What you will do:
In the records below, the line with "(forall x r, fg_right_ideal" opens the range and the line with "0 and of p |->" closes it; print that range exactly and nothing else.
======== Records for this exercise
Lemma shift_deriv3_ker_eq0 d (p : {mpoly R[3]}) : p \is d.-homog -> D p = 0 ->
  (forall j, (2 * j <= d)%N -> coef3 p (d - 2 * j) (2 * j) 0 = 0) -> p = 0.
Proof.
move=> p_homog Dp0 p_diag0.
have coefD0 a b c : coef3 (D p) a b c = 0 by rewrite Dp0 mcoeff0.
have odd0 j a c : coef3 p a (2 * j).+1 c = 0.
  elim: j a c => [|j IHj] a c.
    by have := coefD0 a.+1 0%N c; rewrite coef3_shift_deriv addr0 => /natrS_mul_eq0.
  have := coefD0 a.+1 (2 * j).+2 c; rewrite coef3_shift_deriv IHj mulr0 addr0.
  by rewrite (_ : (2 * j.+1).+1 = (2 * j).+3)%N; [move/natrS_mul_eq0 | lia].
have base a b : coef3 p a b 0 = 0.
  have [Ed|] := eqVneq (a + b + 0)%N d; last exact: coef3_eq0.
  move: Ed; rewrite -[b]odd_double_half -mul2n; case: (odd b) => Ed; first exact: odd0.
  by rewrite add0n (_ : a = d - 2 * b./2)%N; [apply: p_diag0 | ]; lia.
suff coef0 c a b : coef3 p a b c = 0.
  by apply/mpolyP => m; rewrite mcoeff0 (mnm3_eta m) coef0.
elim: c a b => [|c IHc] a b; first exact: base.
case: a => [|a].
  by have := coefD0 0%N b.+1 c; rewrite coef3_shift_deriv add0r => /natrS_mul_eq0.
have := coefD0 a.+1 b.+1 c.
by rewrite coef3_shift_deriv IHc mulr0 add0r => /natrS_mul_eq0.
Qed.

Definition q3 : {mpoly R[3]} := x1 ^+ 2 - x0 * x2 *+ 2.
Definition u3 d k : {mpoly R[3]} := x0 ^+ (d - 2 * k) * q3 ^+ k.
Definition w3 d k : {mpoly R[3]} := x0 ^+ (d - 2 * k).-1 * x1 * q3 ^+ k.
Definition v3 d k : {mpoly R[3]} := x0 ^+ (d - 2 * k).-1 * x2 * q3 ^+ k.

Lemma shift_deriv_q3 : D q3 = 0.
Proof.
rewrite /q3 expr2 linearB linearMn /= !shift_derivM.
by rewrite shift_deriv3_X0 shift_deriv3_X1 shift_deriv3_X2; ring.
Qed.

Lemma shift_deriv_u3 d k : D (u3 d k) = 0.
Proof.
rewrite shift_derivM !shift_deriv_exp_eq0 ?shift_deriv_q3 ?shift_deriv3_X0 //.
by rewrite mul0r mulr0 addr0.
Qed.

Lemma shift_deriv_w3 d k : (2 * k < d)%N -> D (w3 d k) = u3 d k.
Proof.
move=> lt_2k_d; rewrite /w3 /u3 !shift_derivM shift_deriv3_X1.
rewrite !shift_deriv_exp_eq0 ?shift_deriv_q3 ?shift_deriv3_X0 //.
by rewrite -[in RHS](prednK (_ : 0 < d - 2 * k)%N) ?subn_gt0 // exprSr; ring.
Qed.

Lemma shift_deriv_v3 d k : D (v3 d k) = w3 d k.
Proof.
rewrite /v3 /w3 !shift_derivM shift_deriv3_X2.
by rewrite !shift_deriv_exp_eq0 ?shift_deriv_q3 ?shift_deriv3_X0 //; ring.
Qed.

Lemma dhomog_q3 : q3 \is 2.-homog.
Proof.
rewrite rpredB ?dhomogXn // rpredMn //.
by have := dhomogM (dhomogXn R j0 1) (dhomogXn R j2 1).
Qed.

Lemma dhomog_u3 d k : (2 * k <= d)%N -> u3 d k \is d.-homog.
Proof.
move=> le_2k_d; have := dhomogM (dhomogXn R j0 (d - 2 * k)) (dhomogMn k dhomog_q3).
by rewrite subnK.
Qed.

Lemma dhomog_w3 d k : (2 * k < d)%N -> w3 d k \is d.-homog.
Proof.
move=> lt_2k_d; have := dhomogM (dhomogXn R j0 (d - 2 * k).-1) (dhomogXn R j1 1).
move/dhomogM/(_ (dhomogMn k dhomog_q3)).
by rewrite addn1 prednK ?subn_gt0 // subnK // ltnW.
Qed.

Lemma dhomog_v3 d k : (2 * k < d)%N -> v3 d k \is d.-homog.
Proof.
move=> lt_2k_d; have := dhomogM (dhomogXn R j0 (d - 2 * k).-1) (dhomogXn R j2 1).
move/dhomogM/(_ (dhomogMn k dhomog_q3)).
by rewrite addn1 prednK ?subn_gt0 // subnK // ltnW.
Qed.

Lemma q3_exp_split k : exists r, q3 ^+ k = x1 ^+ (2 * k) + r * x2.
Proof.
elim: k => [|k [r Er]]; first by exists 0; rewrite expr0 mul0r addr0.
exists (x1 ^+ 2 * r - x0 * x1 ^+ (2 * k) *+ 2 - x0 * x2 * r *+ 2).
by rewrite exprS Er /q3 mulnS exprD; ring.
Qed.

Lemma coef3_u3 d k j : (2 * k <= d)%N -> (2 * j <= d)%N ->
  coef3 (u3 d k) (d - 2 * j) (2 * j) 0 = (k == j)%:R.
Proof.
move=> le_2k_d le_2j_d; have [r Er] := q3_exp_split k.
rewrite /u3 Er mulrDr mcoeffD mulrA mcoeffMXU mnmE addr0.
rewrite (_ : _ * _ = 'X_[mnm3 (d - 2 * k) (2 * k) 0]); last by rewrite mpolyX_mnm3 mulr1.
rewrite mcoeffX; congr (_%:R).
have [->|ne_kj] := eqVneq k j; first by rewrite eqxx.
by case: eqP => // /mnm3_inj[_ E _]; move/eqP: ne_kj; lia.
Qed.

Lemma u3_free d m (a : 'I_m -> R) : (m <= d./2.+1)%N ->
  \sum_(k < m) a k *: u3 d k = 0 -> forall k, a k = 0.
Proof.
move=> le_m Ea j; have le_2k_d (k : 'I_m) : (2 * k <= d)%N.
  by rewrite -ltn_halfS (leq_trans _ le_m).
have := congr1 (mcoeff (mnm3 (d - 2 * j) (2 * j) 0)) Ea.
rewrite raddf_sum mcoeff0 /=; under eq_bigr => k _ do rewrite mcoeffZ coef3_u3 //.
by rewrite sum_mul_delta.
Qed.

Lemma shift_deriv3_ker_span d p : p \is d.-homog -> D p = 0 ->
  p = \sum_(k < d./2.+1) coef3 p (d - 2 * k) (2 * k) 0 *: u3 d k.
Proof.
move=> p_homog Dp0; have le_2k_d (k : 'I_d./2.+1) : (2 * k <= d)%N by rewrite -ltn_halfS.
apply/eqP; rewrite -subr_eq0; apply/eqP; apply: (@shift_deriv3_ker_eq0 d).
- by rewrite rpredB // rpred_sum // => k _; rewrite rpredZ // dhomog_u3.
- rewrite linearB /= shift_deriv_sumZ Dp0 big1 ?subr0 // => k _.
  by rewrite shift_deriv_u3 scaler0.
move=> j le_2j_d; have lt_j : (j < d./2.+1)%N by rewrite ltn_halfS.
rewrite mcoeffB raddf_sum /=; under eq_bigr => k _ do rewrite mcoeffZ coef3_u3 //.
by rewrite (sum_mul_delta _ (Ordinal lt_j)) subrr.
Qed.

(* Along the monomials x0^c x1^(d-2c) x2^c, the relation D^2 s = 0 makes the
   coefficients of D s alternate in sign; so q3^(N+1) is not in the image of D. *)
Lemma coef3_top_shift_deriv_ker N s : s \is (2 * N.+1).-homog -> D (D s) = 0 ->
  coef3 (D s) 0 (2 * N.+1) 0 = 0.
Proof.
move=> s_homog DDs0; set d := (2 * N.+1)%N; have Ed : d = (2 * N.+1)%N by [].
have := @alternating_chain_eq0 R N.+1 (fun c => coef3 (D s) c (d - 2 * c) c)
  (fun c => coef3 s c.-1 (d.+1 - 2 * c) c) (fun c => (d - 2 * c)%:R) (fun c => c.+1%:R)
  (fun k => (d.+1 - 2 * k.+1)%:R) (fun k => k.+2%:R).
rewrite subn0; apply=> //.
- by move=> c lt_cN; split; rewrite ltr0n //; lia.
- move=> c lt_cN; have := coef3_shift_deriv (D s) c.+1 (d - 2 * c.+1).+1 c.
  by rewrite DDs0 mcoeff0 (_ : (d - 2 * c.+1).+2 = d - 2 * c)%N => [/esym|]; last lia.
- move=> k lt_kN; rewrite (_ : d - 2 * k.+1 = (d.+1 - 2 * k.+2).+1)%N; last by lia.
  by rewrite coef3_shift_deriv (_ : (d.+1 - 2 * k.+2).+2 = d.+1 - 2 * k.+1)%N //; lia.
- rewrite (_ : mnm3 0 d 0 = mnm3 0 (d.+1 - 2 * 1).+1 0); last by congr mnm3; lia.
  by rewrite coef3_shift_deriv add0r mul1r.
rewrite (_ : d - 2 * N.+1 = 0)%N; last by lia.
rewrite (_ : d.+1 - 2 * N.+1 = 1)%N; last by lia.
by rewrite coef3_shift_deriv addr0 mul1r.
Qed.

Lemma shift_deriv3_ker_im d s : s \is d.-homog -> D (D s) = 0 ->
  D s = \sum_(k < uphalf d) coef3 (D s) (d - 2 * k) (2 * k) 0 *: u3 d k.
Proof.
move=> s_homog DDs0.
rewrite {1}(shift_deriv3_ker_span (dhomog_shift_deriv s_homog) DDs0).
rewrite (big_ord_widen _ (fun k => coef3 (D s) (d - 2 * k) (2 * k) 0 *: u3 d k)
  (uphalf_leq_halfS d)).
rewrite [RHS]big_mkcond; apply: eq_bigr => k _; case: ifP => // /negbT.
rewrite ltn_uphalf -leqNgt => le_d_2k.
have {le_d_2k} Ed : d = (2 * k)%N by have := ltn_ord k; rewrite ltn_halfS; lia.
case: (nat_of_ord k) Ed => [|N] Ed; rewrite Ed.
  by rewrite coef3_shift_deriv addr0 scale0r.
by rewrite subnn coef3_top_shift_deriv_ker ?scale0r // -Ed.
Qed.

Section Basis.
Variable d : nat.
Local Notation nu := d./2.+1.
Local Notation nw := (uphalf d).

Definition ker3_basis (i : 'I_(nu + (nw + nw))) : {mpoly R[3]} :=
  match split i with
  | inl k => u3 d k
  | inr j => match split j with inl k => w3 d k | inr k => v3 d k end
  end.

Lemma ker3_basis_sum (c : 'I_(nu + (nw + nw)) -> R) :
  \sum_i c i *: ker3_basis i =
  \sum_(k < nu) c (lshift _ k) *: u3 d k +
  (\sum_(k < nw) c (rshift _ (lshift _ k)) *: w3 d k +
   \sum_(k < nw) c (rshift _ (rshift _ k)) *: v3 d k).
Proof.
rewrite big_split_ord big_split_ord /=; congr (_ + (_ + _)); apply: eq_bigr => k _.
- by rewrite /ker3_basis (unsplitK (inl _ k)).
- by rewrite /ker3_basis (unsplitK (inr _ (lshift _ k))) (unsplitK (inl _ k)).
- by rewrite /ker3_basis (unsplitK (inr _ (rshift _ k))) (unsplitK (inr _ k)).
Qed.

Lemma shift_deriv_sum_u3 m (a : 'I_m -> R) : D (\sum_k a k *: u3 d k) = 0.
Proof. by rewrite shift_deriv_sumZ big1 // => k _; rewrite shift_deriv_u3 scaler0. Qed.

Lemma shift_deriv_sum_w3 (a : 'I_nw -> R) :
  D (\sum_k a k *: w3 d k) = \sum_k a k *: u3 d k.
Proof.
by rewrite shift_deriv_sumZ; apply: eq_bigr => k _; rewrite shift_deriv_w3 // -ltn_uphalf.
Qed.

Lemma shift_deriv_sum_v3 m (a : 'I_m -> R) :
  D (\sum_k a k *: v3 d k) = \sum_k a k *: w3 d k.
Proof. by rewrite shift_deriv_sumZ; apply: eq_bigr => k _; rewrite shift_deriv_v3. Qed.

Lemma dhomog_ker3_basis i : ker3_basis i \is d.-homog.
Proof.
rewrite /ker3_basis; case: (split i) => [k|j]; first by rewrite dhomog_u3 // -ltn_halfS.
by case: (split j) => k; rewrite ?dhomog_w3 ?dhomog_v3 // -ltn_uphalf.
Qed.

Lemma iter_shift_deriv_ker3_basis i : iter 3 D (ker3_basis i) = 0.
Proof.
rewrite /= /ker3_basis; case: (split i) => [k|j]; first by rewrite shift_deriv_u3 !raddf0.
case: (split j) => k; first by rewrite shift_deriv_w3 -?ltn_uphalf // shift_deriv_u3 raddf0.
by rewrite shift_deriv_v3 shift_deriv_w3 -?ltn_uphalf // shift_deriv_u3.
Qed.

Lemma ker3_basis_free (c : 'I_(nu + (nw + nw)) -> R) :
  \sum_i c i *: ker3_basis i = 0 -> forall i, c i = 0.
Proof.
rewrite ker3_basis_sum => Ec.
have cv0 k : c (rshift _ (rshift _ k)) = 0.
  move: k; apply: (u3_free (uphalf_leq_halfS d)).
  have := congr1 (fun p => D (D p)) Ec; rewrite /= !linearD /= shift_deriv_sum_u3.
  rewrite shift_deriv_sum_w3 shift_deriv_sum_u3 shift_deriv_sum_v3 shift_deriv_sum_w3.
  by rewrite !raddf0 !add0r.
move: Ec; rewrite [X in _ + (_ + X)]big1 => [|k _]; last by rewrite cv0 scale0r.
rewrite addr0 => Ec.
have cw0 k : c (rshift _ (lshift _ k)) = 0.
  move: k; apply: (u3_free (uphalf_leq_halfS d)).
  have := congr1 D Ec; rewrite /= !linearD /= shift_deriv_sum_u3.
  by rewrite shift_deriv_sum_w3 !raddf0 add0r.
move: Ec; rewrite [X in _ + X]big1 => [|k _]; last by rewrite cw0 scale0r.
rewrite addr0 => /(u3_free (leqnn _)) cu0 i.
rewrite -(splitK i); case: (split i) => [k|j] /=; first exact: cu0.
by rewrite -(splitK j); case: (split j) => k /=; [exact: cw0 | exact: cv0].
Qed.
================
======== Records for this exercise
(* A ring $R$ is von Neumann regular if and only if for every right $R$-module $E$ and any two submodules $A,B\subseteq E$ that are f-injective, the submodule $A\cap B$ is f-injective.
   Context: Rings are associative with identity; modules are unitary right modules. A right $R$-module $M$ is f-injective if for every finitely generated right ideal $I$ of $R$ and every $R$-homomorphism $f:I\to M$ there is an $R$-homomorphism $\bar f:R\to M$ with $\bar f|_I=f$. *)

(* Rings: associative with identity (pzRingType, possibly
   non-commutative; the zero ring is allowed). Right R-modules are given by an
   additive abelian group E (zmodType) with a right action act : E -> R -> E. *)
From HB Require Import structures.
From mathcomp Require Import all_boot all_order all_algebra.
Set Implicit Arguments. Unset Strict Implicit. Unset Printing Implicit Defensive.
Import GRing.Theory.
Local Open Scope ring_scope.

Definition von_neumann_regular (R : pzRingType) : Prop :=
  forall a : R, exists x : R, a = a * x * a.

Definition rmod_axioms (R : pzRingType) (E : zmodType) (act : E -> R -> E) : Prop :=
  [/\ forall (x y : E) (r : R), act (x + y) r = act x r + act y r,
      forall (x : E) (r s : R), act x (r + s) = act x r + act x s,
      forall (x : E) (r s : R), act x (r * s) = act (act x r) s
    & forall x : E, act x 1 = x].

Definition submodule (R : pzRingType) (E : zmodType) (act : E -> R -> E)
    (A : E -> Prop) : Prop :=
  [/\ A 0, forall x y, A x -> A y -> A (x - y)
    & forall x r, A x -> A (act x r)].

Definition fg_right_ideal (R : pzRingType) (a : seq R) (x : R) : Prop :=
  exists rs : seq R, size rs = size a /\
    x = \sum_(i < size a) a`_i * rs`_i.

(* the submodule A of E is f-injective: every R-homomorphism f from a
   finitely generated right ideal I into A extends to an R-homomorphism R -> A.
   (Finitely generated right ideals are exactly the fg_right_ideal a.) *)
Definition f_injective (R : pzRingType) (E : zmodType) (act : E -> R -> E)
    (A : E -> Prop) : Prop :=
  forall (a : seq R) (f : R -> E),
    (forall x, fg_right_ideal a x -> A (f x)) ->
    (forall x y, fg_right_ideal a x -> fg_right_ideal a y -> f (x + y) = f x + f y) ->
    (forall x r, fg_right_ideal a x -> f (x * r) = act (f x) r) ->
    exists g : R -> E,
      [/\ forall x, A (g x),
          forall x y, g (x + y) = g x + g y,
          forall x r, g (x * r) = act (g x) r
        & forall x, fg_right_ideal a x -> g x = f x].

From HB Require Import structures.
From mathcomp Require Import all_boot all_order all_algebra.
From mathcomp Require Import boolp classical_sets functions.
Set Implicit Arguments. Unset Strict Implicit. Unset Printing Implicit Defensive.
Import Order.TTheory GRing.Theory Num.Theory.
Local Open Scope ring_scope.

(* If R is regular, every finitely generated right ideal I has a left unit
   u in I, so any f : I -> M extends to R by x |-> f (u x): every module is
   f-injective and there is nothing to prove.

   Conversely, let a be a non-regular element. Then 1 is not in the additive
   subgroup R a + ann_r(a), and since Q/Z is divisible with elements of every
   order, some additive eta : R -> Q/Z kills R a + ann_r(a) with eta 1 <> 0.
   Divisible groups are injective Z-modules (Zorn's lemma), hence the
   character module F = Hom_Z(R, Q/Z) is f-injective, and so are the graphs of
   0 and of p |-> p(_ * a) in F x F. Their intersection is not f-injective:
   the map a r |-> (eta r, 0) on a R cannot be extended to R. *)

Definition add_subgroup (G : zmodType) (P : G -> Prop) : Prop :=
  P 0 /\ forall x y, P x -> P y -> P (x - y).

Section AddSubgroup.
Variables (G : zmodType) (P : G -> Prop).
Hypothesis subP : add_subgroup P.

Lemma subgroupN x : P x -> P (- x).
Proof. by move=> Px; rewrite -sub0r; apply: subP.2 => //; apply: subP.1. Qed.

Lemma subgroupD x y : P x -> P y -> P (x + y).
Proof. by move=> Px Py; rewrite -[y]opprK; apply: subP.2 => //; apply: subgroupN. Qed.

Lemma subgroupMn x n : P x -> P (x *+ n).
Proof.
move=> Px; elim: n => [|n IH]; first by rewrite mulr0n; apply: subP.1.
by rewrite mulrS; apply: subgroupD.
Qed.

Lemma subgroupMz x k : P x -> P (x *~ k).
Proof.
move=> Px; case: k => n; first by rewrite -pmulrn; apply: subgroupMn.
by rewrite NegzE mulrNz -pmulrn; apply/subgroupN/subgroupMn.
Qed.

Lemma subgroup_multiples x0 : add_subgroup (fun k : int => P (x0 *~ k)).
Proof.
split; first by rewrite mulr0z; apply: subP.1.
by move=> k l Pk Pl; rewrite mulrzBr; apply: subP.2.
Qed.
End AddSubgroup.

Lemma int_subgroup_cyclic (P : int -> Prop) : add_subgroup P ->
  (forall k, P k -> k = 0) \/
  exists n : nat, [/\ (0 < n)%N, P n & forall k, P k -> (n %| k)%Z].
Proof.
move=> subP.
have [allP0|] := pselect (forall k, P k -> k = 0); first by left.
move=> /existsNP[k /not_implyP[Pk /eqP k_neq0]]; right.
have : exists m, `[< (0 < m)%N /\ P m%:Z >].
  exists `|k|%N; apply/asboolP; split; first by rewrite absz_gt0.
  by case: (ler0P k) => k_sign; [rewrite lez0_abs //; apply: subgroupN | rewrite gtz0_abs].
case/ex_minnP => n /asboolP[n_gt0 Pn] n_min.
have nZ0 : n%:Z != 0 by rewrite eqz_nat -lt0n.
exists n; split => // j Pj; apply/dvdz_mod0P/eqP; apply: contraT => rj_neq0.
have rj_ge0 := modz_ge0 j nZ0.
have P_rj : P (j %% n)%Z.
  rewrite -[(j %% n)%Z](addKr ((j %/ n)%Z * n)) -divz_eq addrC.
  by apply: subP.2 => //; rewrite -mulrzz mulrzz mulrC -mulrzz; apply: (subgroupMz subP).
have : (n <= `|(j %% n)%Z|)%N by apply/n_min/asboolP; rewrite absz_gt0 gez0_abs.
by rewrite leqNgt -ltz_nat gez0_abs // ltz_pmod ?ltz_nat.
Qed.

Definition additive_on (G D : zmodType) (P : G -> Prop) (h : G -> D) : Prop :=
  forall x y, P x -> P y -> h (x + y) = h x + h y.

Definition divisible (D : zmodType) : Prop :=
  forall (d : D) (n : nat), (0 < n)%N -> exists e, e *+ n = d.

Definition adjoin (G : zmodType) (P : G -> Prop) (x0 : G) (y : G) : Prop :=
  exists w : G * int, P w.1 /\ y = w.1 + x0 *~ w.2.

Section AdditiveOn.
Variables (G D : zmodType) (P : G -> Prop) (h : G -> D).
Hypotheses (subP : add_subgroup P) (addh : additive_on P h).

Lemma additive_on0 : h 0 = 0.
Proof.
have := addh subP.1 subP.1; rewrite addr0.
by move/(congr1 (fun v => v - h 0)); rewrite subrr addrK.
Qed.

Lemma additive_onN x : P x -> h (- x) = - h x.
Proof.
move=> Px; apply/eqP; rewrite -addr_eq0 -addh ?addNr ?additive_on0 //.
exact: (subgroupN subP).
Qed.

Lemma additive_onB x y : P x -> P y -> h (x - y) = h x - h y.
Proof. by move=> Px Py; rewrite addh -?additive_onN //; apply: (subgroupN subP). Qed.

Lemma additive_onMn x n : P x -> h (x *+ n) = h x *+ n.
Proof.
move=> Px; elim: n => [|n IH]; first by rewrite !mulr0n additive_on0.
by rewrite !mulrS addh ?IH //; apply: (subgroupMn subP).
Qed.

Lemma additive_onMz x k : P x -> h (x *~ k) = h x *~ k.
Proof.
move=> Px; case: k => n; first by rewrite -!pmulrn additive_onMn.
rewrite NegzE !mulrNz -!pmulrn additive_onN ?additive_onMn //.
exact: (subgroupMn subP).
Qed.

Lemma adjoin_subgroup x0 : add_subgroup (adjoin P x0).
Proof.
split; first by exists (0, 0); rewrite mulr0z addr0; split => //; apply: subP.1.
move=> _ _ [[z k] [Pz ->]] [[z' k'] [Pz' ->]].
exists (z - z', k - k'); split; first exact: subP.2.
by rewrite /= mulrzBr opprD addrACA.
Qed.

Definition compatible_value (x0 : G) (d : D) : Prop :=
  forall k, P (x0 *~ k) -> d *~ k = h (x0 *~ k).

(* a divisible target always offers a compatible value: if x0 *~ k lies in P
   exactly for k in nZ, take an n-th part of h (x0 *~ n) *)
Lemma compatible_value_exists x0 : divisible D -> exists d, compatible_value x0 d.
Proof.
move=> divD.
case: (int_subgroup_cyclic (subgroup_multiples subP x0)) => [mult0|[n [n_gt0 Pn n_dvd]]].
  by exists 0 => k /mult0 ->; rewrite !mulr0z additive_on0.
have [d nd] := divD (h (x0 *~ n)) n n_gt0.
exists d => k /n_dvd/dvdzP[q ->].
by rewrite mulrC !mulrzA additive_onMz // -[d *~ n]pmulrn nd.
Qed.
================
Solution below:
    (forall x r, fg_right_ideal a x -> f (x * r) = act (f x) r) ->
    exists g : R -> E,
      [/\ forall x, A (g x),
          forall x y, g (x + y) = g x + g y,
          forall x r, g (x * r) = act (g x) r
        & forall x, fg_right_ideal a x -> g x = f x].

From HB Require Import structures.
From mathcomp Require Import all_boot all_order all_algebra.
From mathcomp Require Import boolp classical_sets functions.
Set Implicit Arguments. Unset Strict Implicit. Unset Printing Implicit Defensive.
Import Order.TTheory GRing.Theory Num.Theory.
Local Open Scope ring_scope.

(* If R is regular, every finitely generated right ideal I has a left unit
   u in I, so any f : I -> M extends to R by x |-> f (u x): every module is
   f-injective and there is nothing to prove.

   Conversely, let a be a non-regular element. Then 1 is not in the additive
   subgroup R a + ann_r(a), and since Q/Z is divisible with elements of every
   order, some additive eta : R -> Q/Z kills R a + ann_r(a) with eta 1 <> 0.
   Divisible groups are injective Z-modules (Zorn's lemma), hence the
   character module F = Hom_Z(R, Q/Z) is f-injective, and so are the graphs of
   0 and of p |-> p(_ * a) in F x F. Their intersection is not f-injective:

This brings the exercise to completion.